Assuming you are not completely filling up the SSD, there should be sufficient free space for those hot spots(such as buffers/swap) which are being churned to minimize wear through wear leveling algorithms.
(Indexes might be another matter. As clustered indexes in many DBs involve alot of modifications as data is inserted. Usually when doing large isnerts in a data warehouse environment, you turn off indexes during bulk import then update them after.)
Solution 5:
This is no issue.
First of all, SSDs have greatly improved during the last years. Overprovisioning and wear levelling (and to a small amount, the TRIM command, though not applicable in your case) have made them quite suitable as heavy-duty, general-purpose disks. I am not using anything but SSD on my development PC (which regularly does a lot of compiling) without even coming anywhere near the erase cycle count.
Further, this statement:
SSDs do not like massive continuous writes, and that it tends to damage them
is outright wrong. The opposite is the case, frequent small writes, if anything, may cause damage to SSDs.

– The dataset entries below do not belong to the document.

(* |grad f|_{g_s} for a radial function f with f'(r) = du:
   g_s^{ij} d_i f d_j f = phi^{-4} du^2, so |grad f| = |du| / phi^2. *)
Definition grad_norm (r du : R) : R := Rabs du / phi r ^ 2.

(* Radial component (w.r.t. the coordinate field x^i/r) of the vector field
   |grad u|^{p-2} grad u, grad u = phi^{-4} du (x/r); for p<2 it is extended
   by 0 where du = 0 (its continuous extension). *)
Definition p_flux (p r du : R) : R :=
  if Req_EM_T du 0 then 0
  else Rpower (grad_norm r du) (p - 2) * (du / phi r ^ 4).

(* div_{g_s}(|grad u|^{p-2} grad u) = phi^{-6} d_i(phi^6 V^i) and for a radial
   field V = F(r) x/r one has d_i(phi^6 F x^i/r) = r^{-2} (r^2 phi^6 F)'.
   Hence the (classical) radial p-Laplace equation on r > 1 reads
   (r^2 phi(r)^6 F(r))' = 0. *)
Definition radial_p_harmonic (p : R) (u : R -> R) : Prop :=
  forall r, 1 < r ->
    ex_derive u r /\
    is_derive (fun s => s ^ 2 * phi s ^ 6 * p_flux p s (Derive u s)) r 0.

Definition w_of (p : R) (u : R -> R) (r : R) : R := (1 - p) * ln (u r).

(* Integral over the level set {w_s = w_s(r)} = coordinate sphere of radius r
   of |grad w_s|^2 da_{g_s}; the g_s-area of that sphere is 4 pi r^2 phi^4. *)
Definition level_integral (p : R) (u : R -> R) (r : R) : R :=
  4 * PI * r ^ 2 * phi r ^ 4 * (grad_norm r (Derive (w_of p u) r)) ^ 2.

Definition system_S (p : R) (W g h : R -> R) : Prop :=
  forall t, 0 < t ->
    ex_derive g t /\ ex_derive h t /\
    (Derive g t + h t) * W t ^ 2
      + (g t - 2 * (p - 2) * h t + (p - 1) * (3 - p) * Derive h t)
          * W t * Derive W t
      + (p - 1) * (5 - p) / 4 * h t * (Derive W t) ^ 2 = 0 /\
    (Derive g t + h t) * W t ^ 2
      - (p - 1) * (5 - p) / 4 * h t * (Derive W t) ^ 2 = 0.

From Stdlib Require Import Reals Lra Ranalysis5 ClassicalEpsilon.
From Coquelicot Require Import Coquelicot.
Open Scope R_scope.

(* Conservation of the flux [r^2 phi^6 |grad u|^(p-2) u' / phi^4 = -K] gives [u'] explicitly.
   With [lambda = w'(r) = (p-1) |u'| / u] one gets [W (w r) = 4 pi (r lambda)^2] and [dW/dt = Q W]
   with [0 < Q < 2/(p-1)]; [Q > 0] amounts to [u < S := r (r+1) |u'| / (b (r-1))],
   [b = (3-p)/(p-1)], which holds because [S - u] is decreasing and [u -> 0].
   In the variable [r], [X = -g o w] and [H = h o w] satisfy (with [k], [c] the coefficients of (S))
     [X' = lambda H (1 - c Q^2)],   [k H' = lambda (X - 2(2-p) H - 2 c Q H)],
   and [Psi = r lambda (X - k Q H / 2)] has [Psi' = r lambda^2 H B] with [B > 0].
   Near [r = 1], [X ~ 1], [H ~ eps] and [k Q / 2 < 3 - p < 2], so [Psi > 0] once [eps < 1/4].
   At a first zero of [H], [Psi] would still be positive, forcing [X > 0] and so [H' > 0]:
   impossible, hence [H > 0] everywhere, [Psi] increases, and [X > k Q H / 2 > 0]. *)

Lemma at_right_close (f : R -> R) (x0 l eps : R) :
  filterlim f (at_right x0) (locally l) -> 0 < eps ->
  exists d, 0 < d /\ forall x, x0 < x < x0 + d -> Rabs (f x - l) < eps.
Proof.
  intros Hf Heps.
  destruct (proj1 (filterlim_locally f l) Hf (mkposreal eps Heps)) as [d Hd].
  exists d; split; [apply cond_pos|].
  intros x Hx; apply (Hd x); [|lra].
  unfold ball; simpl; unfold AbsRing_ball, abs, minus, plus, opp; simpl.
  rewrite Rabs_pos_eq; lra.
Qed.

Lemma p_infty_close (f : R -> R) (l eps : R) :
  is_lim f p_infty l -> 0 < eps -> exists N, forall x, N < x -> Rabs (f x - l) < eps.
Proof.
  intros Hf Heps.
  apply is_lim_spec in Hf.
  destruct (Hf (mkposreal eps Heps)) as [N HN].
  exists N; exact HN.
Qed.

Lemma is_lim_p_infty_le (f : R -> R) (l c N : R) :
  is_lim f p_infty l -> (forall x, N < x -> f x <= c) -> l <= c.
Proof.
  intros Hf Hc.
  apply (is_lim_le_loc f (fun _ => c) p_infty l c); [exists N; exact Hc | exact Hf |].
  apply is_lim_const.
Qed.

Lemma is_lim_p_infty_ge (f : R -> R) (l c N : R) :
  is_lim f p_infty l -> (forall x, N < x -> c <= f x) -> c <= l.
Proof.
  intros Hf Hc.
  apply (is_lim_le_loc (fun _ => c) f p_infty c l); [exists N; exact Hc | | exact Hf].
  apply is_lim_const.
Qed.
Lemma ngon_halfplane_arcs_cycle n E : (3 <= n)%nat ->
  (forall k, (k < n)%nat -> exists m, halfplane_arc E (ngon_vertex n k) (ngon_vertex n (S k)) m) ->
  has_cycle E.
Proof.
  intros Hn Harc. apply NNPP. intros Hacyclic.
  destruct n as [|n]; [lia|].
  assert (Hreach : forall k, (k <= n)%nat ->
    exists m, walk E (ngon_vertex (S n) 0) (ngon_vertex (S n) k) m /\
              walk_sum crossing (ngon_vertex (S n) 0 :: m) = 0).
  { induction k as [|k IH]; intros Hk.
    - exists []. split; [split; simpl; auto | reflexivity].
    - destruct (IH ltac:(lia)) as (m & Hwalk & Hsum).
      destruct (Harc k ltac:(lia)) as (m' & Hwalk' & Hin).
      destruct (walk_cat crossing E _ _ _ _ _ Hwalk Hwalk') as [Hcat Hcat_sum].
      exists (m ++ m'). split; [exact Hcat|].
      rewrite Hcat_sum, Hsum, (walk_sum_crossing_halfplane _ _ _ Hin), (proj2 Hwalk').
      rewrite ngon_arc_potential_eq by lia. ring. }
  destruct (Hreach n (le_n n)) as (m & Hwalk & Hsum).
  destruct (Harc n (Nat.lt_succ_diag_r n)) as (m' & Hwalk' & Hin).
  destruct (walk_cat crossing E _ _ _ _ _ Hwalk Hwalk') as [Hclosed Hclosed_sum].
  rewrite ngon_vertex_n in Hclosed by lia.
  rewrite (closed_walk_sum_acyclic crossing crossing_antisym E _ _ Hacyclic Hclosed), Hsum,
    (walk_sum_crossing_halfplane _ _ _ Hin), (proj2 Hwalk'), ngon_last_arc_potential in Hclosed_sum
    by lia.
  lra.
Qed.

Lemma ngon_tree_arc n V E k : (2 <= n)%nat -> (k < n)%nat -> steiner_tree (ngon n) V E ->
  ~ dilation_at_least (ngon n) E (1 / sin (PI / INR n)) ->
  exists m, halfplane_arc E (ngon_vertex n k) (ngon_vertex n (S k)) m.
Proof.
  intros Hn Hk [[_ [_ [Hconn _]]] Hincl] Hsmall.
  assert (Hu : In (ngon_vertex n k) (ngon n)) by (apply ngon_vertex_In; lia).
  assert (Hv : In (ngon_vertex n (S k)) (ngon n)) by (apply ngon_vertex_In; lia).
  destruct (Hconn _ _ (Hincl _ Hu) (Hincl _ Hv)) as [p Hpath].
  destruct (simple_path_walk _ _ _ _ Hpath) as (m & -> & Hwalk).
  exists m. split; [exact Hwalk|].
  apply short_walk_in_halfplane; [apply ngon_vertex_unit | apply ngon_vertex_unit | apply Hwalk |].
  pose proof (ngon_side_length n k Hn) as Hside. pose proof (sin_PI_div_pos n Hn).
  apply Rnot_le_lt. intros Hlong. apply Hsmall.
  exists (ngon_vertex n k), (ngon_vertex n (S k)).
  split; [exact Hu|]. split; [exact Hv|]. split.
  - intros Heq. rewrite Heq, dist_diag in Hside. lra.
  - exists (ngon_vertex n k :: m). split; [exact Hpath|].
    rewrite Hside.
    replace (1 / sin (PI / INR n)) with (2 / (2 * sin (PI / INR n))) by (field; lra).
    apply Rle_ge, Rmult_le_compat_r; [left; apply Rinv_0_lt_compat; lra | exact Hlong].
Qed.

Lemma ngon_convex_position n : convex_position (ngon n).
Proof.
  apply convex_position_of_unit. intros p Hp.
  apply in_map_iff in Hp as (k & <- & _). apply ngon_vertex_unit.
Qed.

Lemma ngon_steiner_dilation n V E : (2 <= n)%nat -> steiner_tree (ngon n) V E ->
  dilation_at_least (ngon n) E (1 / sin (PI / INR n)).
Proof.
  intros Hn Htree. apply NNPP. intros Hsmall.
  destruct (Nat.eq_dec n 2) as [-> | Hn2].
  - destruct (ngon_tree_arc 2 V E 0 Hn ltac:(lia) Htree Hsmall) as (m & _ & Hin).
    specialize (Hin _ (or_introl eq_refl)).
    (* The two vertices are antipodal, so the half-plane is empty. *)
    rewrite ngon_vertex_S in Hin. unfold dot, vadd, ngon_vertex in Hin. simpl in Hin.
    replace (ngon_angle 2) with PI in Hin by (unfold ngon_angle; simpl; field).
    rewrite cos_plus, sin_plus, cos_PI, sin_PI in Hin. lra.
  - pose proof Htree as [[_ [_ [_ Hacyclic]]] _].
    apply Hacyclic, (ngon_halfplane_arcs_cycle n); [lia|].
    intros k Hk. exact (ngon_tree_arc n V E k Hn Hk Htree Hsmall).
Qed.

Theorem theorem1 :
  forall n : nat, (1 < n)%nat ->
    exists S : list point,
      length S = n /\ NoDup S /\ convex_position S /\
      (forall (V : list point) (E : list (point * point)),
          steiner_tree S V E ->
          dilation_at_least S E (1 / sin (PI / INR n))) /\
      1 / sin (PI / INR n) > INR n / PI.
Proof.
  intros n Hn. exists (ngon n).
  split; [unfold ngon; now rewrite length_map, length_seq|].
  split; [apply ngon_NoDup|].
  split; [apply ngon_convex_position|].
  split.
  - intros V E Htree. exact (ngon_steiner_dilation n V E Hn Htree).
  - apply inv_sin_PI_div_gt. exact Hn.
Qed.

Unlike traditional hard disks, SSDs (or rather the NAND-based flash inside) are physically organized in large blocks which logically contain several sectors. A typical block size is 512kB whereas sectors (which is the unit that the filesystem uses) are traditionally 1kB (different values are possible, two decades ago 512B was common).
Three things can be done with a 512kB-block. It can be read from, part of it or all can be programmed (= written to), and the whole of it can be erased. Erasing is what's problematic because there is a limited numbers of erase cycles, and you can only erase a complete block.
Therefore, large writes are very SSD-friendly whereas small writes are not.
In the case of small writes, the controller must read a block in, modify the copy, erase a different block, and program it. Without caching, in the very worst possible case, you would need to erase 512.000 blocks to write 512 kilobytes. In the best possible case (large, continuous write) you need to do exactly 1 erase.
Doing an import into a MySQL database is much different from doing many separate insert queries. The engine is able to collapse a lot of writes (both data and indices) together and needs not sync between each pair of inserts. This amounts to a much more SSD-friendly write pattern.